===== Given data =====

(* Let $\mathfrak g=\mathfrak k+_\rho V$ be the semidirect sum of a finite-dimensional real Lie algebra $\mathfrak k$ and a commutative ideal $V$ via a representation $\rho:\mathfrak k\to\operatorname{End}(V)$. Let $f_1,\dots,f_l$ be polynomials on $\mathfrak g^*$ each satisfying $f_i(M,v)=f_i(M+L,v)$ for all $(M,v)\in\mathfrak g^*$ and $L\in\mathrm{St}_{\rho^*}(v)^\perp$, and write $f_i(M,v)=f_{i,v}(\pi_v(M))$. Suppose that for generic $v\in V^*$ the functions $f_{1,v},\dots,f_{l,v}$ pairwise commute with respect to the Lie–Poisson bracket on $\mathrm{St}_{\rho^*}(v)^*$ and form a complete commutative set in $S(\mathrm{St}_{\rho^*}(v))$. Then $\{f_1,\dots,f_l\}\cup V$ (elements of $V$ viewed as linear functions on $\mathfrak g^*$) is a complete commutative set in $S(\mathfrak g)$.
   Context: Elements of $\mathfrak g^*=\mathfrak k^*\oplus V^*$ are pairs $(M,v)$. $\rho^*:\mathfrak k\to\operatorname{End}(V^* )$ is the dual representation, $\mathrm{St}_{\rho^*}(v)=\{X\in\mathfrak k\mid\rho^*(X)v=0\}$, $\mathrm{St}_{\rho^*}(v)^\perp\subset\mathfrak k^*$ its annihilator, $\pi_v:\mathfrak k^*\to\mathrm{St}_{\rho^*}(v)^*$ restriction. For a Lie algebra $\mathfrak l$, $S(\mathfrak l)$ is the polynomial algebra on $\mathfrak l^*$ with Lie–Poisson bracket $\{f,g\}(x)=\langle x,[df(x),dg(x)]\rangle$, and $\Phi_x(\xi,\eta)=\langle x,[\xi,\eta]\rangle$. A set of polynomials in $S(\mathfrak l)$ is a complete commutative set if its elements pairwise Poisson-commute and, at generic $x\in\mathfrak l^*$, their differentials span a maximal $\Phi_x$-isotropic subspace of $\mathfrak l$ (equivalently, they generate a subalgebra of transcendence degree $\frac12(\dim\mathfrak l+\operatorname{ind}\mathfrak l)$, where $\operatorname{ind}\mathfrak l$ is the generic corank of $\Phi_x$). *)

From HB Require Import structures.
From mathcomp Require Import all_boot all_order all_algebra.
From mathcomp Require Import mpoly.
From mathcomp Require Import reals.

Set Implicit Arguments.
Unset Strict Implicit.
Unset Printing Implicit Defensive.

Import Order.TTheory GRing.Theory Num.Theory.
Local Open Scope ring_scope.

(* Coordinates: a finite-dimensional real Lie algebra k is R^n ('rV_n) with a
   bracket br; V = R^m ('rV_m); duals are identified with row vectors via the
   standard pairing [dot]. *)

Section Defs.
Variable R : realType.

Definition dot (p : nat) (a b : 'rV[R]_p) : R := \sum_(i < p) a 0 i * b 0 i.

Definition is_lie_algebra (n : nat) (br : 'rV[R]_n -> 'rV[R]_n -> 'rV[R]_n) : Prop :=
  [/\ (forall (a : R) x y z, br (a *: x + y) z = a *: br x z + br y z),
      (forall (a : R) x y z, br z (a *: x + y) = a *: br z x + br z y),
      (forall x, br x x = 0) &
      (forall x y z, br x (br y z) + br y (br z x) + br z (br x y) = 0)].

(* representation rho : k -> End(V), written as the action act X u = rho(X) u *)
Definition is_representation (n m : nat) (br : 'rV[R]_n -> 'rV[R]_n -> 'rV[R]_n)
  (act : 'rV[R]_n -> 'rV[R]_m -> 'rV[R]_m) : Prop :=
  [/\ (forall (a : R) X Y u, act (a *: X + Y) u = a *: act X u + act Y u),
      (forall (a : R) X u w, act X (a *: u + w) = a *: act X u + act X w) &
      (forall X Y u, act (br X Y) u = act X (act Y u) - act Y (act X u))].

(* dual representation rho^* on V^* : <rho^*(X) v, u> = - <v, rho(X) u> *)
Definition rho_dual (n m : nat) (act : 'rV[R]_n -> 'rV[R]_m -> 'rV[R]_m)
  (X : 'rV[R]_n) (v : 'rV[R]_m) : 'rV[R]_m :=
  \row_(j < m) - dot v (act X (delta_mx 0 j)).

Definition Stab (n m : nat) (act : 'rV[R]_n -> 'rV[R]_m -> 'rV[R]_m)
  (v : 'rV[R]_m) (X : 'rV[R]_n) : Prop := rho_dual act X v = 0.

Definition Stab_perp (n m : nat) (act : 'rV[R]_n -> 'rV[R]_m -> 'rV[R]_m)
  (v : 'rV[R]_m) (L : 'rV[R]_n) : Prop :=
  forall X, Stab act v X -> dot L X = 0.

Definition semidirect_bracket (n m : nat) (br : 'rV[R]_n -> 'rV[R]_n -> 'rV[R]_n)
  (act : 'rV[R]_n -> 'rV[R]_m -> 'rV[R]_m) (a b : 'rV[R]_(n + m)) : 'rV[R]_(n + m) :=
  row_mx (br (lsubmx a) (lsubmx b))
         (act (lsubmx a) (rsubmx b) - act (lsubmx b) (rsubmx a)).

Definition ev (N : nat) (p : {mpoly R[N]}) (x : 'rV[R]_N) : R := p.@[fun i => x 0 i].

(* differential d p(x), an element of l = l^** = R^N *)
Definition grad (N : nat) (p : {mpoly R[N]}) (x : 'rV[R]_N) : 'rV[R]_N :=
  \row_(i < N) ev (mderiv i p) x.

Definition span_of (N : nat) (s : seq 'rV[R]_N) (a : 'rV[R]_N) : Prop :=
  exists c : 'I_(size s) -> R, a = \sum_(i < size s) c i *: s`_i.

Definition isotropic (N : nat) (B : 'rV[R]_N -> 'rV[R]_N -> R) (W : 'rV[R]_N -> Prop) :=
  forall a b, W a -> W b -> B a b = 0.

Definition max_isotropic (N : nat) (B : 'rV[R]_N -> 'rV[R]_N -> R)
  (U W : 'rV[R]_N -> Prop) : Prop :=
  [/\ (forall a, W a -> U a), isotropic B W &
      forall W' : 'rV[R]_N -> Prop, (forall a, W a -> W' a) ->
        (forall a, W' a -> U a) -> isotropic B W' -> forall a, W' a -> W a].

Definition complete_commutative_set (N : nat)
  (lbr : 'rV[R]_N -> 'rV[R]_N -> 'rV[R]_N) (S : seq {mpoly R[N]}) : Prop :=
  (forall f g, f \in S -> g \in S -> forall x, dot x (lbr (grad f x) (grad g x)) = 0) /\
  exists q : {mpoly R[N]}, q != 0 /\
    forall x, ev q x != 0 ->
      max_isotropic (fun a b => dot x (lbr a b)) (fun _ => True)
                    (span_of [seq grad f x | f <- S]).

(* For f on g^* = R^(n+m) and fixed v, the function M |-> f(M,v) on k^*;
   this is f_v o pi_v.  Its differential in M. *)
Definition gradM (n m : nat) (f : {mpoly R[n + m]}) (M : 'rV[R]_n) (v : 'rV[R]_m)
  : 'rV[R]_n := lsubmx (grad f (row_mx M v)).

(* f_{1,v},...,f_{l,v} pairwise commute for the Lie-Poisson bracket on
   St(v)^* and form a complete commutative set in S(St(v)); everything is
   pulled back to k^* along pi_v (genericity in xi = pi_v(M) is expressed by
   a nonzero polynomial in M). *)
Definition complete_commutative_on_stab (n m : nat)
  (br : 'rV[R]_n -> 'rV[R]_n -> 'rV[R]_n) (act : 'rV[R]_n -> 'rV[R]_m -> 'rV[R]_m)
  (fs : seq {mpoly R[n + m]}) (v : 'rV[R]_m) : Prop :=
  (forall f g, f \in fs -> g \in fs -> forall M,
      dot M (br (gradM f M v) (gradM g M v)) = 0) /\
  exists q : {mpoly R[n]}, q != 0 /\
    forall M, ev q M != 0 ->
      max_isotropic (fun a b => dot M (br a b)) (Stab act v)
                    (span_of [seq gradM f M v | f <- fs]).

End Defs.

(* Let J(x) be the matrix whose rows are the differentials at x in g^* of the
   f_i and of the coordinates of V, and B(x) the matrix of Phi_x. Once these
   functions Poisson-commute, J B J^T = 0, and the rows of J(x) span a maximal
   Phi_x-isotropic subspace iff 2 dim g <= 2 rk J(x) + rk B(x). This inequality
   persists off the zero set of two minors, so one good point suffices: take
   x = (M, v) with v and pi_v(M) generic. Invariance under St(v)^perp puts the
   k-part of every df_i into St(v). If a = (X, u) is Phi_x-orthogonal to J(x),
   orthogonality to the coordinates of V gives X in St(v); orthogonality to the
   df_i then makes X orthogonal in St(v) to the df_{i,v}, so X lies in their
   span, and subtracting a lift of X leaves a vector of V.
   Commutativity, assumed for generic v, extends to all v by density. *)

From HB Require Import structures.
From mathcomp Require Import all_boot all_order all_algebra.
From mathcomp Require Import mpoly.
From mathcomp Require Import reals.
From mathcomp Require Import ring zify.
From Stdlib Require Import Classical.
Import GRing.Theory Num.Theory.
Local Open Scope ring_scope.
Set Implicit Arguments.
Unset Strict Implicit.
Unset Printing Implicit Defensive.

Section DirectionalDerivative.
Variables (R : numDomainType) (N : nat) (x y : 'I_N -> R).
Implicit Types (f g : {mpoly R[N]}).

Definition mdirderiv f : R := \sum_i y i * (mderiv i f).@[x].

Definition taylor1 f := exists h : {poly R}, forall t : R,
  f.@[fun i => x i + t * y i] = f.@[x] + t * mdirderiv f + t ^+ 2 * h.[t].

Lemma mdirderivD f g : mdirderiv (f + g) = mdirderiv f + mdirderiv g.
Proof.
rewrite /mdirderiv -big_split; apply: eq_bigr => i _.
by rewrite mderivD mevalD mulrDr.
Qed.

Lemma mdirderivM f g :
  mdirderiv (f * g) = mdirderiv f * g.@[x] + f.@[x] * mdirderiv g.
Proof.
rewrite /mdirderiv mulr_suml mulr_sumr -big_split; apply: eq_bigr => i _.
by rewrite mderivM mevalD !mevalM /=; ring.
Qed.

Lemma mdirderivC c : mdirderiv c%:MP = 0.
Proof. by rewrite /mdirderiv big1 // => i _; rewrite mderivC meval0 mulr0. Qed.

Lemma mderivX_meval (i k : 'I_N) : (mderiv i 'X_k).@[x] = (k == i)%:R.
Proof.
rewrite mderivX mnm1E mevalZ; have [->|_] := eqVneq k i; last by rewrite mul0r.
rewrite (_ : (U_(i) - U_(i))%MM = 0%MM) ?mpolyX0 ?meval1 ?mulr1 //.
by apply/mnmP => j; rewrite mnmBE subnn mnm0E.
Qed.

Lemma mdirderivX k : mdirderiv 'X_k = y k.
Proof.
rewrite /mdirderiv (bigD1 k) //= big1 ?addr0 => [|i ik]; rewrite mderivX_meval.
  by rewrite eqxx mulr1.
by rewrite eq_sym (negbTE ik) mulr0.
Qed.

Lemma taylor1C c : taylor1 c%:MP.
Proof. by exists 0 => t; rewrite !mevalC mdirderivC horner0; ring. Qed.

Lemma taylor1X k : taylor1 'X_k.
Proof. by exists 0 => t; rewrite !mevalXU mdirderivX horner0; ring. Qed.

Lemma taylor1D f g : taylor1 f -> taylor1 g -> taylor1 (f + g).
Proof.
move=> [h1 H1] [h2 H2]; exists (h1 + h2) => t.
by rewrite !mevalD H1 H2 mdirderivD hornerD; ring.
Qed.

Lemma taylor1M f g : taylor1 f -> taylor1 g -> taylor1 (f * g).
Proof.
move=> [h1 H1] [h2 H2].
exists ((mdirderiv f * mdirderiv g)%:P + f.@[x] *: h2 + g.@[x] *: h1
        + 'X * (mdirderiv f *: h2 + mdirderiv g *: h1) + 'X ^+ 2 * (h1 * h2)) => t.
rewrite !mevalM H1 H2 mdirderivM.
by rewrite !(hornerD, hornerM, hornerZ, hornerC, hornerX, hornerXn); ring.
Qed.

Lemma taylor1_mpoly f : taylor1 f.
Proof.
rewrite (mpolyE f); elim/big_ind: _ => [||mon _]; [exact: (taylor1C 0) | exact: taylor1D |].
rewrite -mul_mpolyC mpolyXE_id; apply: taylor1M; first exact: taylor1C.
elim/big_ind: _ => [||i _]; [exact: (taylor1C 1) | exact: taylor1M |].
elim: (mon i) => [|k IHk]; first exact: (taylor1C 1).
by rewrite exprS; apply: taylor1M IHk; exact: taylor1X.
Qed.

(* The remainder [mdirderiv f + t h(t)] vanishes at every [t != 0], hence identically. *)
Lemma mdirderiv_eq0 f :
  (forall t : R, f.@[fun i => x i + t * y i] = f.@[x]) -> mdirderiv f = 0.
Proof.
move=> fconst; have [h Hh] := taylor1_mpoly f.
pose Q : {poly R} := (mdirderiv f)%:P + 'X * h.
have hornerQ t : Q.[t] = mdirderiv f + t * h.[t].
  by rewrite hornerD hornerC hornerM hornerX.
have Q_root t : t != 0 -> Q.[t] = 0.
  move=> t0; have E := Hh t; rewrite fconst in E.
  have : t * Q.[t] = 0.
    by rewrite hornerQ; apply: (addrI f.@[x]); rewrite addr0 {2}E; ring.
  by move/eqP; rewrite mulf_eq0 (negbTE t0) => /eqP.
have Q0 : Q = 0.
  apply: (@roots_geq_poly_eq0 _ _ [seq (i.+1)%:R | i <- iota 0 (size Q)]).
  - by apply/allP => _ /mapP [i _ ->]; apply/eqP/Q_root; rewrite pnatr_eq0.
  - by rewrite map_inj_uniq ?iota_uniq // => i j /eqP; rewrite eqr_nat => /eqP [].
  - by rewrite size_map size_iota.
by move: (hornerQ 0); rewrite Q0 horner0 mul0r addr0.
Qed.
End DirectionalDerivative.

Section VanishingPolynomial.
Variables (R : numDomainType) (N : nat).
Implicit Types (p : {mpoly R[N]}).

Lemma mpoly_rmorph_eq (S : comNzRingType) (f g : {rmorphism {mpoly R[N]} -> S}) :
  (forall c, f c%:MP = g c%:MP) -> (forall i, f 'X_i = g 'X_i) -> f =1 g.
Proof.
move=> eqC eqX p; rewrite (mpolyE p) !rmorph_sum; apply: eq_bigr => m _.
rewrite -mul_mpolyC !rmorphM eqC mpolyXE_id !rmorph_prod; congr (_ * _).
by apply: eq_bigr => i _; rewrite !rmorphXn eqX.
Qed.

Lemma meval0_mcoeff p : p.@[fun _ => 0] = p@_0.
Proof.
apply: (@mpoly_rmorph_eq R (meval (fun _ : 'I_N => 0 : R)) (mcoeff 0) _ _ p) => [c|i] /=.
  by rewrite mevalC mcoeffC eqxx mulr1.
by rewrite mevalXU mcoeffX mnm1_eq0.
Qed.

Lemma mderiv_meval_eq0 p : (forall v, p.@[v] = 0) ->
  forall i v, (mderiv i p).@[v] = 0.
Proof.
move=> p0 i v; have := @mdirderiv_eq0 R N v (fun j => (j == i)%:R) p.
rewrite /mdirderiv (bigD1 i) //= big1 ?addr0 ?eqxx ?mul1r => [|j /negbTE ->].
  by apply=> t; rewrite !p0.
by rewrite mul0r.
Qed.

=====

## Problem to work on
Will you return exactly the lines above from the one with "(act : 'rV[R]_n -> 'rV[R]_m -> 'rV[R]_m) (a" down to the one with "(act (lsubmx a)", counting both as part of the range?

## Answer to this task
  (act : 'rV[R]_n -> 'rV[R]_m -> 'rV[R]_m) (a b : 'rV[R]_(n + m)) : 'rV[R]_(n + m) :=
  row_mx (br (lsubmx a) (lsubmx b))
         (act (lsubmx a) (rsubmx b) - act (lsubmx b) (rsubmx a)).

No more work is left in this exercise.